Your assignment: Line by line, reproduce exactly the beginning of the listing below, ending with the line that contains "destruct (Hf _" and adding nothing.

Data supplied:
________________________
(* Since q < 0 on [0, oo) and w, v >= 0, w is nonincreasing, so the histories
   of w stay in a C^1-bounded set on which j is bounded by some K.  Then
   v' <= K - mu v keeps v below max (K / mu, v 0); on this compact range
   q <= -c < 0, so w' <= -c w drives w to 0. *)

Definition continuous_on (a b : R) (f : R -> R) : Prop :=
  forall x, inI a b x -> forall eps, 0 < eps -> exists del, 0 < del /\
     forall y, inI a b y -> Rabs (y - x) < del -> Rabs (f y - f x) < eps.

Lemma C1_on_continuous a b f df : C1_on a b f df -> continuous_on a b f.
Proof.
  intros [_ Hdf] x Hx eps Heps.
  destruct (Hdf x Hx 1 Rlt_0_1) as [del [Hdel Hrem]].
  set (k := Rabs (df x) + 1).
  assert (Hk : 0 < k) by (unfold k; pose proof (Rabs_pos (df x)); lra).
  exists (Rmin del (eps / k)); split.
  - apply Rmin_glb_lt; [lra | apply Rdiv_lt_0_compat; lra].
  - intros y Hy Hyx.
    pose proof (Rmin_l del (eps / k)); pose proof (Rmin_r del (eps / k)).
    specialize (Hrem y Hy ltac:(lra)).
    assert (Hlin : Rabs (f y - f x) <= k * Rabs (y - x)).
    { replace (f y - f x) with ((f y - f x - df x * (y - x)) + df x * (y - x)) by ring.
      eapply Rle_trans; [apply Rabs_triang|].
      rewrite Rabs_mult; unfold k; lra. }
    assert (k * Rabs (y - x) < k * (eps / k)) by (apply Rmult_lt_compat_l; lra).
    replace (k * (eps / k)) with eps in * by (field; lra).
    lra.
Qed.

Definition clamp (a b x : R) : R := Rmax a (Rmin b x).

Lemma clamp_inI a b x : a <= b -> inI a b (clamp a b x).
Proof. unfold clamp, inI, Rmax, Rmin; repeat destruct Rle_dec; lra. Qed.

Lemma clamp_id a b x : inI a b x -> clamp a b x = x.
Proof. unfold clamp, inI, Rmax, Rmin; repeat destruct Rle_dec; lra. Qed.

Lemma clamp_lipschitz a b x y : Rabs (clamp a b y - clamp a b x) <= Rabs (y - x).
Proof.
  unfold clamp, Rmax, Rmin; repeat destruct Rle_dec;
    unfold Rabs; repeat destruct Rcase_abs; lra.
Qed.

Lemma continuous_on_bounded a b f : a <= b -> continuous_on a b f ->
  exists B, forall x, inI a b x -> Rabs (f x) <= B.
Proof.
  intros Hab Hf.
  set (g := fun x => Rabs (f (clamp a b x))).
  assert (Hg : forall c, a <= c <= b -> continuity_pt g c).
  { intros c _ eps Heps.
    destruct (Hf _ (clamp_inI a b c Hab) eps Heps) as [del [Hdel Hd]].
    exists del; split; [exact Hdel|]. intros y [_ Hy]; simpl in *; unfold R_dist in *.
    eapply Rle_lt_trans; [apply Rabs_triang_inv2|].
    apply Hd; [now apply clamp_inI|].
    eapply Rle_lt_trans; [apply clamp_lipschitz | exact Hy]. }
  destruct (continuity_ab_maj g a b Hab Hg) as [xmax [Hmax _]].
  exists (g xmax); intros x Hx.
  rewrite <- (clamp_id a b x Hx); exact (Hmax x Hx).
Qed.

Lemma C1_on_derivable_pt_lim a b f df x : C1_on a b f df -> a < x < b ->
  derivable_pt_lim f x (df x).
Proof.
  intros [_ Hdf] Hx eps Heps.
  destruct (Hdf x ltac:(unfold inI; lra) (eps / 2) ltac:(lra)) as [del [Hdel Hrem]].
  assert (Hpos : 0 < Rmin del (Rmin (x - a) (b - x))) by (repeat apply Rmin_glb_lt; lra).
  exists (mkposreal _ Hpos); intros dx Hdx0 Hdx; simpl in Hdx.
  pose proof (Rmin_l del (Rmin (x - a) (b - x))).
  pose proof (Rmin_r del (Rmin (x - a) (b - x))).
  pose proof (Rmin_l (x - a) (b - x)); pose proof (Rmin_r (x - a) (b - x)).
  assert (Hy : inI a b (x + dx)) by (unfold inI, Rabs in *; destruct Rcase_abs; lra).
  specialize (Hrem (x + dx) Hy).
  replace (x + dx - x) with dx in Hrem by ring.
  specialize (Hrem ltac:(lra)).
  assert (Hdxpos : 0 < Rabs dx) by (apply Rabs_pos_lt; exact Hdx0).
  replace ((f (x + dx) - f x) / dx - df x) with ((f (x + dx) - f x - df x * dx) / dx)
    by (field; exact Hdx0).
  unfold Rdiv; rewrite Rabs_mult, Rabs_inv.
  apply Rle_lt_trans with (eps / 2); [|lra].
  apply (Rmult_le_reg_r (Rabs dx)); [exact Hdxpos|].
  rewrite Rmult_assoc, Rinv_l by lra. lra.
Qed.

Lemma C1_on_shift a b f df c a' b' : C1_on a b f df -> a <= c + a' -> c + b' <= b ->
  C1_on a' b' (fun s => f (c + s)) (fun s => df (c + s)).
Proof.
  intros [Hcont Hrem] Ha Hb; split; intros x Hx eps Heps; unfold inI in Hx.
  - destruct (Hcont (c + x) ltac:(unfold inI; lra) eps Heps) as [del [Hdel Hd]].
    exists del; split; [exact Hdel|]; intros y Hy Hyx.
    apply Hd; [unfold inI in *; lra|].
    now replace (c + y - (c + x)) with (y - x) by ring.
  - destruct (Hrem (c + x) ltac:(unfold inI; lra) eps Heps) as [del [Hdel Hd]].
    exists del; split; [exact Hdel|]; intros y Hy Hyx.
    replace (y - x) with (c + y - (c + x)) in * by ring.
    apply Hd; [unfold inI in *; lra | exact Hyx].
Qed.

Lemma continuity_ab_neg_bound (f : R -> R) (a b : R) : a <= b ->
  (forall x, a <= x <= b -> continuity_pt f x) ->
  (forall x, a <= x <= b -> f x < 0) ->
  exists c, 0 < c /\ forall x, a <= x <= b -> f x <= - c.
Proof.
  intros Hab Hcont Hneg.
  destruct (continuity_ab_maj f a b Hab Hcont) as [xmax [Hmax Hxmax]].
  exists (- f xmax); split; [specialize (Hneg xmax Hxmax); lra|].
  intros x Hx; specialize (Hmax x Hx); lra.
Qed.

Lemma deriv_nonpos_nonincreasing (f df : R -> R) (t1 t2 : R) : t1 <= t2 ->
  (forall t, t1 <= t <= t2 -> derivable_pt_lim f t (df t)) ->
  (forall t, t1 <= t <= t2 -> df t <= 0) ->
  f t2 <= f t1.
Proof.
  intros Ht Hder Hneg.
  destruct (Req_dec t1 t2) as [->|Hne]; [lra|].
  destruct (MVT_cor2 f df t1 t2 ltac:(lra) Hder) as [c [Hmvt Hc]].
  assert (df c <= 0) by (apply Hneg; lra).
  assert (df c * (t2 - t1) <= 0) by nra.
  lra.
Qed.

Lemma le_Rmax_of_deriv_le_affine (f df : R -> R) (K mu : R) : 0 < mu ->
  (forall t, 0 <= t -> derivable_pt_lim f t (df t)) ->
  (forall t, 0 <= t -> df t <= K - mu * f t) ->
  forall t, 0 <= t -> f t <= Rmax (K / mu) (f 0).
Proof.
  intros Hmu Hder Hdf t Ht.
  pose proof (Rmax_l (K / mu) (f 0)); pose proof (Rmax_r (K / mu) (f 0)).
  destruct (Rle_dec (f t) (K / mu)) as [|Hgt]; [lra|].
  (* Integrating factor: g' = (f' - (K - mu f)) e^(mu s) <= 0. *)
  set (g := fun s => (f s - K / mu) * exp (mu * s)).
  set (dg := fun s => (df s - 0) * exp (mu * s) + (f s - K / mu) * (exp (mu * s) * (mu * 1))).
  assert (Hg : g t <= g 0).
  { apply (deriv_nonpos_nonincreasing g dg); [exact Ht | |].
    - intros s Hs; unfold g, dg.
      apply (derivable_pt_lim_mult (fun s => f s - K / mu) (fun s => exp (mu * s))).
      + apply (derivable_pt_lim_minus f (fct_cte (K / mu)));
          [apply Hder; lra | apply derivable_pt_lim_const].
      + apply (derivable_pt_lim_comp (mult_real_fct mu id) exp).
        * apply derivable_pt_lim_scal, derivable_pt_lim_id.
        * apply derivable_pt_lim_exp.
    - intros s Hs; unfold dg.
      replace ((df s - 0) * exp (mu * s) + (f s - K / mu) * (exp (mu * s) * (mu * 1)))
        with ((df s - (K - mu * f s)) * exp (mu * s)) by (field; lra).
      specialize (Hdf s ltac:(lra)); pose proof (exp_pos (mu * s)); nra. }
  unfold g in Hg; rewrite Rmult_0_r, exp_0, Rmult_1_r in Hg.
  pose proof (exp_ineq1_le (mu * t)).
  assert (0 <= mu * t) by (apply Rmult_le_pos; lra).
  assert (f t - K / mu <= (f t - K / mu) * exp (mu * t)) by nra.
  lra.
Qed.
________________________
Result of this exercise:
(* Since q < 0 on [0, oo) and w, v >= 0, w is nonincreasing, so the histories
   of w stay in a C^1-bounded set on which j is bounded by some K.  Then
   v' <= K - mu v keeps v below max (K / mu, v 0); on this compact range
   q <= -c < 0, so w' <= -c w drives w to 0. *)

Definition continuous_on (a b : R) (f : R -> R) : Prop :=
  forall x, inI a b x -> forall eps, 0 < eps -> exists del, 0 < del /\
     forall y, inI a b y -> Rabs (y - x) < del -> Rabs (f y - f x) < eps.

Lemma C1_on_continuous a b f df : C1_on a b f df -> continuous_on a b f.
Proof.
  intros [_ Hdf] x Hx eps Heps.
  destruct (Hdf x Hx 1 Rlt_0_1) as [del [Hdel Hrem]].
  set (k := Rabs (df x) + 1).
  assert (Hk : 0 < k) by (unfold k; pose proof (Rabs_pos (df x)); lra).
  exists (Rmin del (eps / k)); split.
  - apply Rmin_glb_lt; [lra | apply Rdiv_lt_0_compat; lra].
  - intros y Hy Hyx.
    pose proof (Rmin_l del (eps / k)); pose proof (Rmin_r del (eps / k)).
    specialize (Hrem y Hy ltac:(lra)).
    assert (Hlin : Rabs (f y - f x) <= k * Rabs (y - x)).
    { replace (f y - f x) with ((f y - f x - df x * (y - x)) + df x * (y - x)) by ring.
      eapply Rle_trans; [apply Rabs_triang|].
      rewrite Rabs_mult; unfold k; lra. }
    assert (k * Rabs (y - x) < k * (eps / k)) by (apply Rmult_lt_compat_l; lra).
    replace (k * (eps / k)) with eps in * by (field; lra).
    lra.
Qed.

Definition clamp (a b x : R) : R := Rmax a (Rmin b x).

Lemma clamp_inI a b x : a <= b -> inI a b (clamp a b x).
Proof. unfold clamp, inI, Rmax, Rmin; repeat destruct Rle_dec; lra. Qed.

Lemma clamp_id a b x : inI a b x -> clamp a b x = x.
Proof. unfold clamp, inI, Rmax, Rmin; repeat destruct Rle_dec; lra. Qed.

Lemma clamp_lipschitz a b x y : Rabs (clamp a b y - clamp a b x) <= Rabs (y - x).
Proof.
  unfold clamp, Rmax, Rmin; repeat destruct Rle_dec;
    unfold Rabs; repeat destruct Rcase_abs; lra.
Qed.

Lemma continuous_on_bounded a b f : a <= b -> continuous_on a b f ->
  exists B, forall x, inI a b x -> Rabs (f x) <= B.
Proof.
  intros Hab Hf.
  set (g := fun x => Rabs (f (clamp a b x))).
  assert (Hg : forall c, a <= c <= b -> continuity_pt g c).
  { intros c _ eps Heps.
    destruct (Hf _ (clamp_inI a b c Hab) eps Heps) as [del [Hdel Hd]].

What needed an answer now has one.